> ABOUT THIS TASK
Write out nothing except the lines running from the one containing "Definition T_adj (e" to the last line of the data, exactly as they stand.

Content starts

(* Let $\gamma\in F=PSL(2,\mathbb Z)$ be a hyperbolic element (i.e. acting as a hyperbolic isometry of $\mathbb H^2$). Then there exist two sequences $\{U_n^+\}_{n\in\mathbb N}$ and $\{U_n^-\}_{n\in\mathbb N}$ of connected subsets of $B$ such that $\{U_n^+\}$ is a vanishing sequence for the action of $\gamma$ on $B$, $\{U_n^-\}$ is a vanishing sequence for $\gamma^{-1}$, and $U_0^+\cap U_0^-=\emptyset$.
   Context: $B=\mathbb{QP}^1$ is the vertex set of the Farey tessellation of $\mathbb H^2$, with the action of $F=PSL(2,\mathbb Z)$, and $T$ is the dual trivalent tree. A quadribone is the set of four vertices of two adjacent ideal triangles (corresponding to an edge of $T$); $A\subset B$ is connected if it is a union of quadribones whose corresponding edges form a connected subset of $T$. For a map $\gamma:X\to X$ of a topological space (here $X=B$ with the discrete topology), a sequence of non-empty subsets $\{V_n\}$ is a vanishing sequence for $\gamma$ if $V_{n+1}\subset V_n$, $\bigcap_n V_n=\emptyset$, and for every compact $K\subset X$ and every $n$ there exists $p\in\mathbb N$ with $\gamma^p(K)\subset V_n$. *)

From mathcomp Require Import all_boot all_order all_algebra.
Set Implicit Arguments. Unset Strict Implicit. Unset Printing Implicit Defensive.
Import Order.TTheory GRing.Theory Num.Theory.
Local Open Scope ring_scope.

(* B = QP^1 : a rational point (Some x) or the point at infinity (None). *)
Definition B := option rat.

(* Reduced homogeneous coordinates (p,q), gcd 1, q > 0, infinity = (1,0). *)
Definition bnum (x : B) : int := if x is Some r then numq r else 1.
Definition bden (x : B) : int := if x is Some r then denq r else 0.

(* The point of QP^1 with homogeneous coordinates (p,q) (assumed not (0,0)). *)
Definition bpt (p q : int) : B :=
  if q == 0 then None else Some (p%:~R / q%:~R).

(* Farey adjacency: x, y span an edge of the Farey tessellation. *)
Definition farey_adj (x y : B) : Prop :=
  `|bnum x * bden y - bnum y * bden x| = 1.

(* Edges of the Farey tessellation, given as ordered pairs of endpoints;
   each edge of the Farey tessellation is dual to exactly one edge of T. *)
Definition edge := (B * B)%type.
Definition farey_edge (e : edge) : Prop := farey_adj e.1 e.2.

(* Quadribone of a Farey edge {a/b, c/d}: its endpoints plus the third
   vertices (a+c)/(b+d) and (a-c)/(b-d) of the two adjacent ideal triangles. *)
Definition quadribone (e : edge) (z : B) : Prop :=
  z = e.1 \/ z = e.2 \/
  z = bpt (bnum e.1 + bnum e.2) (bden e.1 + bden e.2) \/
  z = bpt (bnum e.1 - bnum e.2) (bden e.1 - bden e.2).

(* Two edges of T are adjacent (share a vertex of T, i.e. an ideal triangle)
   iff the dual Farey edges are two distinct sides of one Farey triangle. *)
Definition T_adj (e f : edge) : Prop :=
  exists x y z : B, [/\ farey_adj x y, farey_adj x z, farey_adj y z & y <> z] /\
    (e = (x, y) \/ e = (y, x)) /\ (f = (x, z) \/ f = (z, x)).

Content ends

> RESULT
Definition T_adj (e f : edge) : Prop :=
  exists x y z : B, [/\ farey_adj x y, farey_adj x z, farey_adj y z & y <> z] /\
    (e = (x, y) \/ e = (y, x)) /\ (f = (x, z) \/ f = (z, x)).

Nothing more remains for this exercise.